%%

Lemma ler_sum_pickle_pairs (I : countType) (v : I -> nat -> R) (e : nat -> R) N :
  (forall i j, 0 <= v i j) -> (forall p, 0 <= e p) ->
  (forall i M, \sum_(j < M) v i j <= e (pickle i)) ->
  exists P, \sum_(k < N) oapp (fun ij => v ij.1 ij.2) 0 (@pickle_inv (I * nat)%type k)
              <= \sum_(p < P) e p.
Proof.
move=> v_ge0 e_ge0 v_le.
pose bound k := oapp (fun ij => maxn (pickle ij.1) ij.2) 0%N (@pickle_inv (I * nat)%type k).
pose P := (\max_(k < N) bound k).+1; exists P.
pose h (k : 'I_N) : 'I_P * 'I_P :=
  oapp (fun ij => (inord (pickle ij.1), inord ij.2)) (ord0, ord0)
    (@pickle_inv (I * nat)%type k).
pose F (p j : 'I_P) := oapp (fun i => v i j) 0 (@pickle_inv I p).
have F_ge0 (pj : 'I_P * 'I_P) : 0 <= F pj.1 pj.2 by rewrite /F; case: pickle_inv => /=.
have h_val (k : 'I_N) (i : I) (j : nat) : pickle_inv k = Some (i, j) ->
    (h k).1 = pickle i :> nat /\ (h k).2 = j :> nat.
  move=> kE; have : (bound k < P)%N by rewrite ltnS (leq_bigmax_cond k).
  by rewrite /h /bound kE gtn_max /= => /andP[iP jP]; rewrite !inordK.
have h_inj : {in (fun k : 'I_N => @pickle_inv (I * nat)%type k != None) &, injective h}.
  move=> k k'; rewrite !unfold_in.
  case kE: pickle_inv => [[i j]|] // _; case k'E: pickle_inv => [[i' j']|] // _ hkk'.
  have [hk1 hk2] := h_val k i j kE; have [hk1' hk2'] := h_val k' i' j' k'E.
  have [ii' jj'] : pickle i = pickle i' /\ j = j' by rewrite -hk1 -hk1' -hk2 -hk2' hkk'.
  have pairK := @pickle_invK (I * nat)%type.
  apply/val_inj; rewrite /= -[val k]pairK -[val k']pairK kE k'E /=.
  by rewrite (pcan_inj pickleK ii') jj'.
have vE (k : 'I_N) : oapp (fun ij => v ij.1 ij.2) 0 (@pickle_inv (I * nat)%type k) =
    if @pickle_inv (I * nat)%type k != None then F (h k).1 (h k).2 else 0.
  case kE: pickle_inv => [[i j]|] //.
  by have [hk1 hk2] := h_val k i j kE; rewrite /= /F hk1 hk2 pickleK_inv.
rewrite (eq_bigr _ (fun k _ => vE k)) -big_mkcond /=.
apply: le_trans (ler_sum_inj h_inj F_ge0) _.
rewrite -pair_bigA /=; apply: ler_sum => p _; rewrite /F /=.
case pE: (@pickle_inv I p) => [i|]; last by rewrite big1.
by rewrite -[nat_of_ord p](@pickle_invK I) pE; apply: v_le.
Qed.

Lemma ler_sum_geometric_half (eps : R) P : 0 <= eps ->
  \sum_(p < P) geometric (eps / 2) 2^-1 p <= eps.
Proof.
move=> eps_ge0; have half_gt0 : 0 < 2^-1 :> R by rewrite invr_gt0.
have half_lt1 : `|2^-1 : R| < 1 by rewrite ger0_norm ?invf_lt1 ?ltr1n.
have := geometric_le_lim P (divr_ge0 eps_ge0 (ler0n _ 2)) half_gt0 half_lt1.
have -> : eps / 2 / (1 - 2^-1) = eps by field.
by rewrite /series /= big_mkord.
Qed.

Hypothesis n_gt0 : (0 < n)%N.

Lemma box_vol0 : box_vol (0 : 'rV[R]_n) 0 = 0.
Proof. by rewrite /box_vol (bigD1 (Ordinal n_gt0)) //= !mxE subrr mul0r. Qed.

Lemma lebesgue_null0 : lebesgue_null set0.
Proof.
move=> eps eps_gt0; exists (fun=> 0), (fun=> 0); split=> [k i||N] //.
by rewrite box_vol0 sumr_const mul0rn ltW.
Qed.

Lemma boxes_cover_fin (I : finType) A (a b : I -> 'rV[R]_n) eps :
  (forall c i, a c ord0 i <= b c ord0 i) ->
  A `<=` \bigcup_c box (a c) (b c) ->
  \sum_c box_vol (a c) (b c) <= eps -> exists a' b', boxes_cover A a' b' eps.
Proof.
move=> ab Acov vol_le.
pose pad (u : I -> 'rV[R]_n) k :=
  if (insub k : option 'I_#|I|) is Some q then u (enum_val q) else 0.
have pad_vol k : 0 <= box_vol (pad a k) (pad b k).
  by apply: box_vol_ge0 => i; rewrite /pad; case: insub => [q|]; rewrite ?mxE.
exists (pad a), (pad b); split.
- by move=> k i; rewrite /pad; case: insub => [q|]; rewrite ?mxE.
- by move=> x /Acov [c _ xc]; exists (enum_rank c) => //; rewrite /pad valK enum_rankK.
move=> N; rewrite -(big_mkord xpredT (fun k => box_vol (pad a k) (pad b k))).
apply: (@le_trans _ _ (\sum_(0 <= k < #|I| + N) box_vol (pad a k) (pad b k))).
  by rewrite (big_cat_nat (leq0n N) (leq_addl _ _)) /= lerDl sumr_ge0.
rewrite (big_cat_nat (leq0n #|I|) (leq_addr _ _)) /= [X in _ + X]big1_seq.
  rewrite addr0 big_mkord (reindex _ (onW_bij _ (enum_rank_bij I))) /=.
  by under eq_bigr do rewrite /pad valK enum_rankK.
move=> k /andP[_]; rewrite mem_index_iota => /andP[Ik _].
by rewrite /pad insubF ?box_vol0 // ltnNge Ik.
Qed.

Lemma lebesgue_null_bigcup (I : countType) (A : I -> set 'rV[R]_n) :
  (forall i, lebesgue_null (A i)) -> lebesgue_null (\bigcup_i A i).
Proof.
move=> nullA eps eps_gt0.
(* The [i]-th cover gets the budget [eps / 2^(pickle i + 1)]; all the covers are
   then enumerated along [pickle_inv : nat -> option (I * nat)]. *)
pose e := geometric (eps / 2) 2^-1.
have e_gt0 p : 0 < e p by rewrite mulr_gt0 ?exprn_gt0 ?divr_gt0.
have /choice[ab cov] : forall i, exists ab : (nat -> 'rV[R]_n) * (nat -> 'rV[R]_n),
    boxes_cover (A i) ab.1 ab.2 (e (pickle i)).
  by move=> i; have [a [b ?]] := nullA i _ (e_gt0 (pickle i)); exists (a, b).
pose vol i j := box_vol ((ab i).1 j) ((ab i).2 j).
pose enum_pairs (c : I -> nat -> 'rV[R]_n) k :=
  oapp (fun ij => c ij.1 ij.2) 0 (@pickle_inv (I * nat)%type k).
pose a := enum_pairs (fun i => (ab i).1); pose b := enum_pairs (fun i => (ab i).2).
exists a, b; split.
- move=> k l; rewrite /a /b /enum_pairs; case: pickle_inv => [[i j]|] /=.
    by have [? _ _] := cov i.
  by rewrite mxE.
- move=> x [i _ Aix]; have [_ /(_ x Aix) [j _ xj] _] := cov i.
  by exists (pickle (i, j)) => //; rewrite /a /b /enum_pairs pickleK_inv.
move=> N; have [|p|i M|P vol_le] := @ler_sum_pickle_pairs I vol e N.
- by move=> i j; have [? _ _] := cov i; apply: box_vol_ge0.
- exact: ltW.
- by have [_ _] := cov i; apply.
apply: le_trans (ler_sum_geometric_half P (ltW eps_gt0)).
apply: le_trans vol_le; rewrite le_eqVlt; apply/orP; left; apply/eqP.
apply: eq_bigr => k _; rewrite /a /b /enum_pairs; case: pickle_inv => [[i j]|] //=.
exact: box_vol0.
Qed.

Lemma lebesgue_nullU A B : lebesgue_null A -> lebesgue_null B -> lebesgue_null (A `|` B).
Proof.
move=> nullA nullB; apply: (@lebesgue_nullS _ (\bigcup_(c : bool) if c then A else B)).
  by move=> x [Ax|Bx]; [exists true | exists false].
by apply: lebesgue_null_bigcup => -[].
Qed.

End NullSets.

Section PolynomialFunctions.
Context {R : realType} {n : nat}.
Implicit Types (f g : 'rV[R]_n -> R) (x : 'rV[R]_n).

(* [f] is a polynomial function of degree at most [d], in nested Horner form. *)
Fixpoint polyfun (d : nat) f : Prop :=
  if d is d'.+1 then
    exists c (g : 'I_n -> 'rV[R]_n -> R),
      (forall j, polyfun d' (g j)) /\ forall x, f x = c + \sum_j x ord0 j * g j x
  else exists c, forall x, f x = c.

Lemma polyfun_ext d f g : polyfun d f -> f =1 g -> polyfun d g.
Proof.
case: d => [[c fE] fg|d [c [h [hP fE]]] fg]; first by exists c => x; rewrite -fg.
by exists c, h; split => // x; rewrite -fg.
Qed.

Lemma polyfun_cst d c : polyfun d (fun=> c).
Proof.
elim: d c => [|d IHd] c; first by exists c.
exists c, (fun _ _ => 0); split => [j|x]; first exact: IHd.
by rewrite big1 ?addr0 // => j _; rewrite mulr0.
Qed.

Lemma polyfun_sum_coord d (g : 'I_n -> 'rV[R]_n -> R) : (forall j, polyfun d (g j)) ->
  polyfun d.+1 (fun x => \sum_j x ord0 j * g j x).
Proof. by move=> gP; exists 0, g; split => // x; rewrite add0r. Qed.

Lemma polyfunS d f : polyfun d f -> polyfun d.+1 f.
Proof.
elim: d f => [|d IHd] f.
  case=> c fE; apply: (polyfun_ext (polyfun_cst 1 c)) => x; by rewrite fE.
by case=> c [g [gP fE]]; exists c, g; split => [j|//]; apply: IHd (gP j).
Qed.

Lemma polyfun_leq d d' f : (d <= d')%N -> polyfun d f -> polyfun d' f.
Proof. by move=> /subnK <-; elim: (d' - d)%N => //= k IHk /IHk /polyfunS. Qed.

Lemma polyfun_add d f g : polyfun d f -> polyfun d g -> polyfun d (fun x => f x + g x).
Proof.
elim: d f g => [|d IHd] f g.
  by case=> c fE [c' gE]; exists (c + c') => x; rewrite fE gE.
case=> c [h [hP fE]] [c' [h' [h'P gE]]].
exists (c + c'), (fun j x => h j x + h' j x); split => [j|x].
  exact: IHd (hP j) (h'P j).
rewrite fE gE addrACA -big_split /=; congr (_ + _).
by apply: eq_bigr => j _; rewrite mulrDr.
Qed.

Lemma polyfun_scale d a f : polyfun d f -> polyfun d (fun x => a * f x).
Proof.
elim: d f => [|d IHd] f; first by case=> c fE; exists (a * c) => x; rewrite fE.
case=> c [h [hP fE]]; exists (a * c), (fun j x => a * h j x); split => [j|x].
  exact: IHd (hP j).
by rewrite fE mulrDr mulr_sumr; congr (_ + _); apply: eq_bigr => j _; rewrite mulrCA.
Qed.

Lemma polyfun_mul d d' f g :
  polyfun d f -> polyfun d' g -> polyfun (d + d') (fun x => f x * g x).
Proof.
elim: d f => [|d IHd] f.
  by case=> c fE gP; apply: (polyfun_ext (polyfun_scale c gP)) => x; rewrite fE.
case=> c [h [hP fE]] gP.
have cgP : polyfun (d + d').+1 (fun x => c * g x).
  by apply: polyfun_leq (polyfun_scale c gP); rewrite leqW ?leq_addl.
apply: (polyfun_ext (polyfun_add cgP (polyfun_sum_coord (fun j => IHd _ (hP j) gP)))).
move=> x; rewrite fE mulrDl mulr_suml; congr (_ + _).
by apply: eq_bigr => j _; rewrite mulrA.
Qed.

%%

▶ What the task asks
Please transcribe the records exactly from their first line through the line holding "by rewrite (pcan_inj pickleK ii') jj'.", and leave out all others.

▶ Written answer
Lemma ler_sum_pickle_pairs (I : countType) (v : I -> nat -> R) (e : nat -> R) N :
  (forall i j, 0 <= v i j) -> (forall p, 0 <= e p) ->
  (forall i M, \sum_(j < M) v i j <= e (pickle i)) ->
  exists P, \sum_(k < N) oapp (fun ij => v ij.1 ij.2) 0 (@pickle_inv (I * nat)%type k)
              <= \sum_(p < P) e p.
Proof.
move=> v_ge0 e_ge0 v_le.
pose bound k := oapp (fun ij => maxn (pickle ij.1) ij.2) 0%N (@pickle_inv (I * nat)%type k).
pose P := (\max_(k < N) bound k).+1; exists P.
pose h (k : 'I_N) : 'I_P * 'I_P :=
  oapp (fun ij => (inord (pickle ij.1), inord ij.2)) (ord0, ord0)
    (@pickle_inv (I * nat)%type k).
pose F (p j : 'I_P) := oapp (fun i => v i j) 0 (@pickle_inv I p).
have F_ge0 (pj : 'I_P * 'I_P) : 0 <= F pj.1 pj.2 by rewrite /F; case: pickle_inv => /=.
have h_val (k : 'I_N) (i : I) (j : nat) : pickle_inv k = Some (i, j) ->
    (h k).1 = pickle i :> nat /\ (h k).2 = j :> nat.
  move=> kE; have : (bound k < P)%N by rewrite ltnS (leq_bigmax_cond k).
  by rewrite /h /bound kE gtn_max /= => /andP[iP jP]; rewrite !inordK.
have h_inj : {in (fun k : 'I_N => @pickle_inv (I * nat)%type k != None) &, injective h}.
  move=> k k'; rewrite !unfold_in.
  case kE: pickle_inv => [[i j]|] // _; case k'E: pickle_inv => [[i' j']|] // _ hkk'.
  have [hk1 hk2] := h_val k i j kE; have [hk1' hk2'] := h_val k' i' j' k'E.
  have [ii' jj'] : pickle i = pickle i' /\ j = j' by rewrite -hk1 -hk1' -hk2 -hk2' hkk'.
  have pairK := @pickle_invK (I * nat)%type.
  apply/val_inj; rewrite /= -[val k]pairK -[val k']pairK kE k'E /=.
  by rewrite (pcan_inj pickleK ii') jj'.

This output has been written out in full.